I read the odd blog. Every now and then people comment, quite rightly, about sources of error in surveys and polls. Comments typically focus on sampling-related matters, such as the landline/cellphone issue (which is why I’ve written three posts about it – see here and here and here).
The thing is though, anyone pointing to just one or two potential sources of survey error is really only seeing the tip of the iceberg. Someone recently said to me “Polls are easy to do, but are difficult (and expensive) to do well.” This really sums up my point of view. The potential sources of error in surveys are infinite. To name a few…
- question order effects
- question wording effects
- interviewer effects
- interviewer variance
- non-response (this is where we can’t get hold of the selected person, where people decide not to take part, or where people can’t be interviewed due to language difficulties or having a disability)

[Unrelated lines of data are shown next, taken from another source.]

(* Let $\mathbf{L}=(L,\le)$ be a finite lattice with more than two elements (least element $0$, greatest element $1$) and let $(R,\vee,\circ)$ be a subsemiring of $(\mathrm{Res}_1(\mathbf{L}),\vee,\circ)$ such that (i) $f_{a,0}\in R$ for every $a\in L\setminus\{1\}$; (ii) for every $f\in R$ there exists $a\in L\setminus\{1\}$ with $f_{a,0}\le f$ (pointwise); (iii) for all $a\in L\setminus\{0,1\}$ and all $b\in L$ there exists $f\in R$ with $f(a)=b$. Then $(R,\vee,\circ)$ is a finite simple additively idempotent semiring whose greatest element is right but not left absorbing. Conversely, every finite simple additively idempotent semiring $(S,+,\cdot)$ with $|S|>2$ whose greatest element is right but not left absorbing is isomorphic to such a semiring $(R,\vee,\circ)$ for some such lattice $\mathbf{L}$.
   Context: A semiring is a nonempty set with a commutative semigroup operation $+$ and a semigroup operation $\cdot$ satisfying both distributive laws. It is simple if its only congruences are the identity and the full relation; additively idempotent if $r+r=r$; then $x\le y:\Leftrightarrow x+y=y$ is a partial order, and for finite semirings the greatest element is the sum of all elements. An element $r$ is right absorbing if $sr=r$ for all $s$, left absorbing if $rs=r$ for all $s$. For a finite lattice $\mathbf{L}$, $\mathrm{Res}_1(\mathbf{L})$ is the set of maps $f:L\to L$ preserving binary joins with $f(0)=0$ and $f(1)=1$, a semiring under pointwise join and composition. For $a,b\in L$, $f_{a,b}:L\to L$ is defined by $f_{a,b}(x)=b$ if $x\le a$ and $f_{a,b}(x)=1$ otherwise. *)

From HB Require Import structures.
From mathcomp Require Import all_boot all_order.
Set Implicit Arguments. Unset Strict Implicit. Unset Printing Implicit Defensive.
Import Order.TTheory.
Local Open Scope order_scope.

- response bias (this is where certain types of people are more/less likely to respond than others)
- sampling error (even perfectly selected random samples will deviate from the target population – the cited ‘margin of error’ and ‘confidence interval’ typically relate only to this type of error)

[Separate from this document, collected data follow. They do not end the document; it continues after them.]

(* Let $\mathbb T=\mathbb R/\mathbb Z$ be the circle group and $g_1,g_2\in\mathbb T$. Then $g_1$ and $g_2$ are induced conjugated if and only if either (i) $g_1$ and $g_2$ both have finite order and their orders are equal, or (ii) $g_1=\pm g_2$.
   Context: Elements $g_1,g_2$ of a topological group $G$ are induced conjugated if there exist a topological group $H$ containing $G$ as a topological subgroup and $t\in H$ with $tg_1t^{-1}=g_2$. *)

From Stdlib Require Import Reals.
Open Scope R_scope.

Record TopGroup := {
  tg_car :> Type;
  tg_mul : tg_car -> tg_car -> tg_car;
  tg_one : tg_car;
  tg_inv : tg_car -> tg_car;
  tg_assoc : forall x y z, tg_mul x (tg_mul y z) = tg_mul (tg_mul x y) z;
  tg_mul1l : forall x, tg_mul tg_one x = x;
  tg_mul1r : forall x, tg_mul x tg_one = x;
  tg_mulVl : forall x, tg_mul (tg_inv x) x = tg_one;
  tg_mulVr : forall x, tg_mul x (tg_inv x) = tg_one;
  tg_open : (tg_car -> Prop) -> Prop;
  tg_open_full : tg_open (fun _ => True);
  tg_open_inter : forall U V, tg_open U -> tg_open V ->
      tg_open (fun x => U x /\ V x);
  tg_open_union : forall F : (tg_car -> Prop) -> Prop,
      (forall U, F U -> tg_open U) -> tg_open (fun x => exists U, F U /\ U x);
  tg_mul_cont : forall W x y, tg_open W -> W (tg_mul x y) ->
      exists U V, tg_open U /\ tg_open V /\ U x /\ V y /\
        (forall a b, U a -> V b -> W (tg_mul a b));
  tg_inv_cont : forall W, tg_open W -> tg_open (fun x => W (tg_inv x))
}.

(* A group G (given by its operation and its family of open sets) is a
   topological subgroup of H via i : i is an injective homomorphism which is a
   homeomorphism onto its image (with the subspace topology). *)
Definition top_embedding {G : Type} (Gmul : G -> G -> G)
    (Gopen : (G -> Prop) -> Prop) (H : TopGroup) (i : G -> H) : Prop :=
  (forall x y, i (Gmul x y) = tg_mul H (i x) (i y)) /\
  (forall x y, i x = i y -> x = y) /\
  (forall V, tg_open H V -> Gopen (fun x => V (i x))) /\
  (forall U, Gopen U -> exists V, tg_open H V /\ forall x, U x <-> V (i x)).

Definition induced_conjugated {G : Type} (Gmul : G -> G -> G)
    (Gopen : (G -> Prop) -> Prop) (g1 g2 : G) : Prop :=
  exists (H : TopGroup) (i : G -> H), top_embedding Gmul Gopen H i /\
    exists t : H, tg_mul H (tg_mul H t (i g1)) (tg_inv H t) = i g2.

(* Elements represented by their unique representative in [0,1). *)
Definition circle := { x : R | 0 <= x < 1 }.

Lemma frac_part_range (r : R) : 0 <= frac_part r < 1.
Proof. destruct (base_fp r) as [H1 H2]. split; [apply Rge_le; exact H1 | exact H2]. Qed.

Definition circle_proj (r : R) : circle :=
  exist _ (frac_part r) (frac_part_range r).

Definition circle_add (x y : circle) : circle := circle_proj (proj1_sig x + proj1_sig y).
Definition circle_zero : circle := circle_proj 0.
Definition circle_opp (x : circle) : circle := circle_proj (- proj1_sig x).

Definition circle_open (U : circle -> Prop) : Prop :=
  open_set (fun r : R => U (circle_proj r)).

Fixpoint circle_nmul (n : nat) (x : circle) : circle :=
  match n with
  | O => circle_zero
  | S m => circle_add x (circle_nmul m x)
  end.

Definition circle_order (x : circle) (n : nat) : Prop :=
  (0 < n)%nat /\ circle_nmul n x = circle_zero /\
  (forall m, (0 < m < n)%nat -> circle_nmul m x <> circle_zero).

(** Sufficiency: if continuous endomorphisms e1, e2 of T exchange g1 and g2,
    then T embeds in H = T^Z ⋊ Z (shift action, product topology) through
    x |-> (e1^j x)_(j>=0), (e2^(-j) x)_(j<0), and the shift conjugates the
    image of g1 to that of g2.  Same finite order gives e1, e2 of the form
    x |-> k x; g1 = ± g2 gives e1 = e2 = ± id.

    Necessity: conjugation by t is a homomorphism, so g1, g2 have the same
    annihilating integers.  For infinite order, the representatives a, b are
    irrational and continuity of conjugation says that n a -> 0 in T forces
    n b -> 0.  Lifting n a |-> n b near 0 to an additive map of small reals,
    density of the multiples of a makes it linear of integer slope, so b = K a
    in T; symmetrically a = L b, hence L K = 1 and g1 = ± g2. *)

From Stdlib Require Import Reals Lra Lia ZArith Znumtheory List Classical
  ProofIrrelevance FunctionalExtensionality PropExtensionality.
Open Scope R_scope.

Definition congZ (x y : R) : Prop := exists z : Z, x - y = IZR z.

Lemma congZ_sym x y : congZ x y -> congZ y x.
Proof. intros [z H]; exists (- z)%Z; rewrite opp_IZR; lra. Qed.

Lemma congZ_trans x y w : congZ x y -> congZ y w -> congZ x w.
Proof. intros [z H] [z' H']; exists (z + z')%Z; rewrite plus_IZR; lra. Qed.

Lemma congZ_add x y x' y' : congZ x x' -> congZ y y' -> congZ (x + y) (x' + y').
Proof. intros [z H] [z' H']; exists (z + z')%Z; rewrite plus_IZR; lra. Qed.

Lemma congZ_opp x y : congZ x y -> congZ (- x) (- y).
Proof. intros [z H]; exists (- z)%Z; rewrite opp_IZR; lra. Qed.

Lemma congZ_mulZ (m : Z) x y : congZ x y -> congZ (IZR m * x) (IZR m * y).
Proof. intros [z H]; exists (m * z)%Z; rewrite mult_IZR, <- H; ring. Qed.

Lemma congZ_small_eq y y' : congZ y y' -> Rabs y < 1/2 -> Rabs y' < 1/2 -> y = y'.
Proof.
  intros [z Hz] H1 H2. apply Rabs_def2 in H1. apply Rabs_def2 in H2.
  assert (Hz' : -1 < IZR z < 1) by lra.
  assert (z = 0%Z) by (destruct Hz'; apply lt_IZR in H, H0; simpl in *; lia).
  subst z. simpl in Hz. lra.
Qed.

Lemma Int_part_unique r z : IZR z <= r < IZR z + 1 -> Int_part r = z.
Proof.
  intros [H1 H2]. unfold Int_part.
  assert (E : (z + 1)%Z = up r) by (apply tech_up; rewrite plus_IZR; simpl; lra).
  lia.
Qed.

Lemma frac_congZ r : congZ (frac_part r) r.
Proof. unfold frac_part. exists (- Int_part r)%Z. rewrite opp_IZR; ring. Qed.

Lemma frac_of_congZ x y : congZ x y -> frac_part x = frac_part y.
Proof.
  intros [z H]. unfold frac_part.
  assert (E : Int_part x = (Int_part y + z)%Z).
  { apply Int_part_unique. destruct (base_Int_part y). rewrite plus_IZR. lra. }
  rewrite E, plus_IZR. lra.
Qed.

Lemma floor_multiple x t : 0 < t -> exists q : Z, IZR q * t <= x < IZR q * t + t.
Proof.
  intros Ht. exists (Int_part (x / t)). destruct (base_Int_part (x / t)) as [B1 B2].
  set (q := Int_part (x / t)) in *. unfold Rdiv in B1, B2.
  split.
  - apply Rmult_le_reg_r with (/ t); [apply Rinv_0_lt_compat; lra|].
    replace (IZR q * t * / t) with (IZR q) by (field; lra). lra.
  - apply Rmult_lt_reg_r with (/ t); [apply Rinv_0_lt_compat; lra|].
    replace ((IZR q * t + t) * / t) with (IZR q + 1) by (field; lra). lra.
Qed.

Definition near_int (r e : R) : Prop := exists z : Z, Rabs (r - IZR z) < e.

Lemma near_int_congZ r s e : congZ r s -> near_int r e -> near_int s e.
Proof.
  intros [z H] [w Hw]. exists (w - z)%Z. rewrite minus_IZR.
  replace (s - (IZR w - IZR z)) with (r - IZR w) by lra. exact Hw.
Qed.

Lemma near_int_of_congZ x r e : congZ x r -> Rabs x < e -> near_int r e.
Proof.
  intros Hx H. apply (near_int_congZ x); auto. exists 0%Z. rewrite Rminus_0_r. exact H.
Qed.

Lemma near_int_add r s e1 e2 : near_int r e1 -> near_int s e2 -> near_int (r + s) (e1 + e2).
Proof.
  intros [z H] [w Hw]. exists (z + w)%Z. rewrite plus_IZR.
  replace (r + s - (IZR z + IZR w)) with ((r - IZR z) + (s - IZR w)) by ring.
  eapply Rle_lt_trans; [apply Rabs_triang | lra].
Qed.

Lemma near_int_opp r e : near_int r e -> near_int (- r) e.
Proof.
  intros [z H]. exists (- z)%Z. rewrite opp_IZR.
  replace (- r - - IZR z) with (- (r - IZR z)) by ring. rewrite Rabs_Ropp. exact H.
Qed.

Lemma near_int_mono r e e' : e <= e' -> near_int r e -> near_int r e'.
Proof. intros He [z H]; exists z; lra. Qed.

Lemma near_int_0 e : 0 < e -> near_int 0 e.
Proof. intros He; exists 0%Z. simpl. rewrite Rminus_0_r, Rabs_R0. exact He. Qed.

Lemma near_int_nat (k : nat) r e : 0 < e -> near_int r e ->
  near_int (INR k * r) ((INR k + 1) * e).
Proof.
  intros He [z H]. exists (Z.of_nat k * z)%Z. rewrite mult_IZR, <- INR_IZR_INZ.
  replace (INR k * r - INR k * IZR z) with (INR k * (r - IZR z)) by ring.
  rewrite Rabs_mult, (Rabs_pos_eq (INR k)) by apply pos_INR.
  pose proof (pos_INR k). nra.
Qed.

Lemma circle_eq (c d : circle) : proj1_sig c = proj1_sig d -> c = d.
Proof.
  destruct c as [x Hx], d as [y Hy]; simpl; intros ->. f_equal. apply proof_irrelevance.
Qed.

Lemma val_proj r : congZ (proj1_sig (circle_proj r)) r.
Proof. apply frac_congZ. Qed.

Lemma proj_val c : circle_proj (proj1_sig c) = c.
Proof.
  apply circle_eq. destruct c as [x Hx]; simpl. unfold frac_part.
  rewrite (Int_part_unique x 0); simpl; lra.
Qed.

Lemma proj_surj c : exists r, c = circle_proj r.
Proof. exists (proj1_sig c). symmetry; apply proj_val. Qed.

Lemma proj_eq x y : circle_proj x = circle_proj y <-> congZ x y.
Proof.
  split.
  - intros H. apply (f_equal (@proj1_sig _ _)) in H.
    apply congZ_trans with (proj1_sig (circle_proj x)); [apply congZ_sym, val_proj|].
    rewrite H. apply val_proj.
  - intros H. apply circle_eq. simpl. apply frac_of_congZ. exact H.
Qed.

Lemma add_proj x y : circle_add (circle_proj x) (circle_proj y) = circle_proj (x + y).
Proof. apply proj_eq. apply congZ_add; apply val_proj. Qed.

Lemma opp_proj x : circle_opp (circle_proj x) = circle_proj (- x).
Proof. apply proj_eq. apply congZ_opp; apply val_proj. Qed.

Lemma nmul_proj n x : circle_nmul n (circle_proj x) = circle_proj (INR n * x).
Proof.
  induction n as [|n IH]; simpl circle_nmul.
  - apply proj_eq. exists 0%Z. simpl; ring.
  - rewrite IH, add_proj, S_INR. f_equal; ring.
Qed.

Lemma nmul_zero_iff n a : circle_nmul n (circle_proj a) = circle_zero <-> congZ (INR n * a) 0.
Proof. rewrite nmul_proj. apply proj_eq. Qed.

Ltac circle_reals := repeat match goal with
  | c : circle |- _ => let r := fresh "r" in destruct (proj_surj c) as [r ->]; clear c
  end.

Lemma cadd_assoc x y w : circle_add x (circle_add y w) = circle_add (circle_add x y) w.
Proof. circle_reals. rewrite !add_proj. f_equal; ring. Qed.

Lemma cadd_0_l x : circle_add circle_zero x = x.
Proof. circle_reals. unfold circle_zero. rewrite add_proj. f_equal; ring. Qed.

Lemma cadd_0_r x : circle_add x circle_zero = x.
Proof. circle_reals. unfold circle_zero. rewrite add_proj. f_equal; ring. Qed.

Lemma cadd_opp_r x : circle_add x (circle_opp x) = circle_zero.
Proof. circle_reals. unfold circle_zero. rewrite opp_proj, add_proj. f_equal; ring. Qed.

Lemma cadd_opp_l x : circle_add (circle_opp x) x = circle_zero.
Proof. circle_reals. unfold circle_zero. rewrite opp_proj, add_proj. f_equal; ring. Qed.

Lemma copp_0 : circle_opp circle_zero = circle_zero.
Proof. unfold circle_zero. rewrite opp_proj. f_equal; ring. Qed.

Lemma copp_opp x : circle_opp (circle_opp x) = x.
Proof. circle_reals. rewrite !opp_proj. f_equal; ring. Qed.

Lemma copp_add x y : circle_opp (circle_add x y) = circle_add (circle_opp x) (circle_opp y).
Proof. circle_reals. rewrite !add_proj, !opp_proj, add_proj. f_equal; ring. Qed.

Lemma nmul_add n x y :
  circle_nmul n (circle_add x y) = circle_add (circle_nmul n x) (circle_nmul n y).
Proof. circle_reals. rewrite add_proj, !nmul_proj, add_proj. f_equal; ring. Qed.

Definition circle_near (x y : circle) (e : R) : Prop :=
  near_int (proj1_sig x - proj1_sig y) e.

Lemma circle_near_refl x e : 0 < e -> circle_near x x e.
Proof. intros; unfold circle_near; rewrite Rminus_diag; apply near_int_0; auto. Qed.

Lemma circle_near_trans x y w e1 e2 :
  circle_near x y e1 -> circle_near y w e2 -> circle_near x w (e1 + e2).
Proof.
  unfold circle_near; intros H1 H2.
  replace (proj1_sig x - proj1_sig w)
    with ((proj1_sig x - proj1_sig y) + (proj1_sig y - proj1_sig w)) by ring.
  apply near_int_add; auto.
Qed.

Lemma circle_near_mono x y e e' : e <= e' -> circle_near x y e -> circle_near x y e'.
Proof. unfold circle_near; apply near_int_mono. Qed.

Lemma circle_near_proj r s e :
  circle_near (circle_proj r) (circle_proj s) e <-> near_int (r - s) e.
Proof.
  unfold circle_near.
  assert (C : congZ (proj1_sig (circle_proj r) - proj1_sig (circle_proj s)) (r - s))
    by (apply congZ_add; [|apply congZ_opp]; apply val_proj).
  split; apply near_int_congZ; auto using congZ_sym.
Qed.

- design effects (any deviation from a simple random sample increases variance – margins of error and confidence intervals can be adjusted for this)
- sample (non) coverage error (this is where the cell phone/landline issue sits)
- data processing error.
Each of these may exert a very small influence on a survey’s results, some may cancel each other out, and (if left unchecked) some may exert a larger influence.
I subscribe to a ‘survey methodologist’ approach. It’s the job of a good researcher to try to identify and understand all sources of error, and to try to reduce error as much as practically possible (there are always constraints). It’s not easy, because changing one thing can influence some other aspect of a survey. Also, different errors are manifested in different ways; some can lead to an apparent bias while others can result in wave-on-wave volatility (I know which I prefer).
The search for survey error needs to be continuous and systematic, and each researcher/pollster needs to make an informed judgement about where and how to address sources of error. I’m fortunate to work at a company that runs its own fieldwork division, which means that our researchers and our field workers can really put their heads together to try to identify and address sources of error.
In my view, the biggest issue for telephone surveys in New Zealand today isn’t non-coverage, it’s declining response rates. Things like this do not make our job any easier.
*The post replaces one I tried to post earlier today, but somehow managed to permanently delete.